Gluten-free anything scares me. I’ve never tried anything gluten-free but I’ve heard awful stories about the taste of gluten-free foods. My grandma tries to eat gluten-free whenever possible because she has a gluten intolerance. So here’s a recipe for you, grandma! My first gluten-free anything.

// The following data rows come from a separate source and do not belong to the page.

Lemma hesse_critical_axis {P Q R S y0 y1 y2 : F} :
  S ^+ 3 + 27 * P * Q * R != 0 -> [|| y0 != 0, y1 != 0 | y2 != 0] ->
  3 * P * y0 ^+ 2 + S * y1 * y2 = 0 -> 3 * Q * y1 ^+ 2 + S * y0 * y2 = 0 ->
  3 * R * y2 ^+ 2 + S * y0 * y1 = 0 ->
  [\/ [/\ y0 != 0, y1 = 0, y2 = 0 & P = 0], [/\ y1 != 0, y0 = 0, y2 = 0 & Q = 0]
    | [/\ y2 != 0, y0 = 0, y1 = 0 & R = 0]].
Proof.
move=> nondeg y_nz E0 E1 E2.
have coef_eq0 (x y : F) : y != 0 -> 3 * x * y ^+ 2 = 0 -> x = 0.
  move=> y_neq0 /eqP; rewrite !mulf_eq0 pnatr_eq0 (negPf y_neq0) !orbF.
  by move/eqP.
have S_eq0 (y y' : F) : y != 0 -> y' != 0 -> S * y * y' = 0 -> S = 0.
  by move=> yn yn' /eqP; rewrite !mulf_eq0 (negPf yn) (negPf yn') !orbF => /eqP.
have PQR_neq0 : S = 0 -> P * Q * R != 0.
  move=> S0; apply: contraNneq nondeg => PQR0; apply/eqP.
  by transitivity (S ^+ 3 + 27 * (P * Q * R)); [ring | rewrite S0 PQR0; ring].
have [z0|z0] := eqVneq y0 0; have [z1|z1] := eqVneq y1 0; have [z2|z2] := eqVneq y2 0;
  rewrite ?z0 ?z1 ?z2 ?(expr0n, mulr0, mul0r, addr0, add0r) /= in E0 E1 E2.
- by move: y_nz; rewrite z0 z1 z2 eqxx.
- by constructor 3; split=> //; apply: coef_eq0 E2.
- by constructor 2; split=> //; apply: coef_eq0 E1.
- by case/eqP: (PQR_neq0 (S_eq0 _ _ z1 z2 E0)); rewrite (coef_eq0 _ _ z1 E1) !(mulr0, mul0r).
- by constructor 1; split=> //; apply: coef_eq0 E0.
- by case/eqP: (PQR_neq0 (S_eq0 _ _ z0 z2 E1)); rewrite (coef_eq0 _ _ z0 E0) !(mulr0, mul0r).
- by case/eqP: (PQR_neq0 (S_eq0 _ _ z0 z1 E2)); rewrite (coef_eq0 _ _ z0 E0) !(mulr0, mul0r).
(* multiplying the three equations gives (S^3 + 27PQR) (y0 y1 y2)^2 = 0 *)
case/eqP: nondeg; apply: (@mulIf _ ((y0 * y1 * y2) ^+ 2)).
  by rewrite expf_neq0 // !mulf_neq0.
transitivity ((3 * P * y0 ^+ 2 + S * y1 * y2 - S * y1 * y2)
  * (3 * Q * y1 ^+ 2 + S * y0 * y2 - S * y0 * y2)
  * (3 * R * y2 ^+ 2 + S * y0 * y1 - S * y0 * y1) + S ^+ 3 * (y0 * y1 * y2) ^+ 2); first ring.
by rewrite E0 E1 E2; ring.
Qed.

Section Factors.
Context {P Q R S a0 a1 a2 b0 b1 b2 e0 e1 e2 : F}.
Hypothesis hesse_split : forall y0 y1 y2, hesse_cubic P Q R S y0 y1 y2
  = lform a0 a1 a2 y0 y1 y2 * lform b0 b1 b2 y0 y1 y2 * lform e0 e1 e2 y0 y1 y2.

Lemma hesse_split_grad_eq0 {y0 y1 y2 : F} :
  lform a0 a1 a2 y0 y1 y2 = 0 -> lform b0 b1 b2 y0 y1 y2 = 0 ->
  [/\ 3 * P * y0 ^+ 2 + S * y1 * y2 = 0, 3 * Q * y1 ^+ 2 + S * y0 * y2 = 0
    & 3 * R * y2 ^+ 2 + S * y0 * y1 = 0].
Proof.
move=> ay_0 by_0.
have grad_dir (v0 v1 v2 : F) : v0 * (3 * P * y0 ^+ 2 + S * y1 * y2)
    + v1 * (3 * Q * y1 ^+ 2 + S * y0 * y2) + v2 * (3 * R * y2 ^+ 2 + S * y0 * y1) = 0.
  pose G t := hesse_cubic P Q R S (y0 + t * v0) (y1 + t * v1) (y2 + t * v2)
    - lform a0 a1 a2 (y0 + t * v0) (y1 + t * v1) (y2 + t * v2)
      * lform b0 b1 b2 (y0 + t * v0) (y1 + t * v1) (y2 + t * v2)
      * lform e0 e1 e2 (y0 + t * v0) (y1 + t * v1) (y2 + t * v2).
  have G_0 t : G t = 0 by rewrite /G hesse_split subrr.
  apply: (@mulfI _ 6); first by rewrite pnatr_eq0.
  (* the finite difference 6 G(1) - 2 G(-1) - G(2) - 3 G(0) extracts 6 times the
     linear coefficient of the cubic polynomial G *)
  transitivity (6 * G 1 - 2 * G (-1) - G 2 - 3 * G 0
    + 6 * (lform a0 a1 a2 y0 y1 y2 * lform b0 b1 b2 y0 y1 y2 * lform e0 e1 e2 v0 v1 v2
         + lform a0 a1 a2 y0 y1 y2 * lform b0 b1 b2 v0 v1 v2 * lform e0 e1 e2 y0 y1 y2
         + lform a0 a1 a2 v0 v1 v2 * lform b0 b1 b2 y0 y1 y2 * lform e0 e1 e2 y0 y1 y2)).
    by rewrite /G /hesse_cubic /lform; ring.
  by rewrite !G_0 ay_0 by_0; ring.
have := grad_dir 1 0 0; have := grad_dir 0 1 0; have := grad_dir 0 0 1.
by rewrite !(mul1r, mul0r, addr0, add0r) => E2 E1 E0.
Qed.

- 1 (16 oz.) jar creamy almond butter
- 2 eggs
- 1 egg yolk
- 7 oz. agave nectar
- 1 T. vanilla extract
- ½ c. cacao powder
- ½ tsp. kosher salt
- 1 tsp. baking soda
- 1 c. bittersweet chocolate chips
- Blend almond butter until smooth using a stand or hand-held mixer. Add eggs and mix to blend, then agave and vanilla. Blend in cacao powder, salt and baking soda, then fold in chocolate chips
- Grease a 9×13 inch glass baking dish. Pour batter into dish. Bake at 325° for 35-40 minutes
Makes about 24 brownies
I don’t know why I do this. Instead of following recipe directions I attempt to make really thick brownies in a 9×9″ pan. I do this often though I’ve never actually successfully made a really thick brownie. I simply cannot getting the timing right; the finished product turns out either really overcooked or really undercooked.
These were the former. If the brownies hadn’t turned out a bit dry; I think this recipe would actually be a pretty good (great for gluten-free) recipe. Let’s face it – a gluten-free brown will never be as close to as good as regular fudge brownies, but I can’t exactly fault the recipe itself for my rogue baking decisions.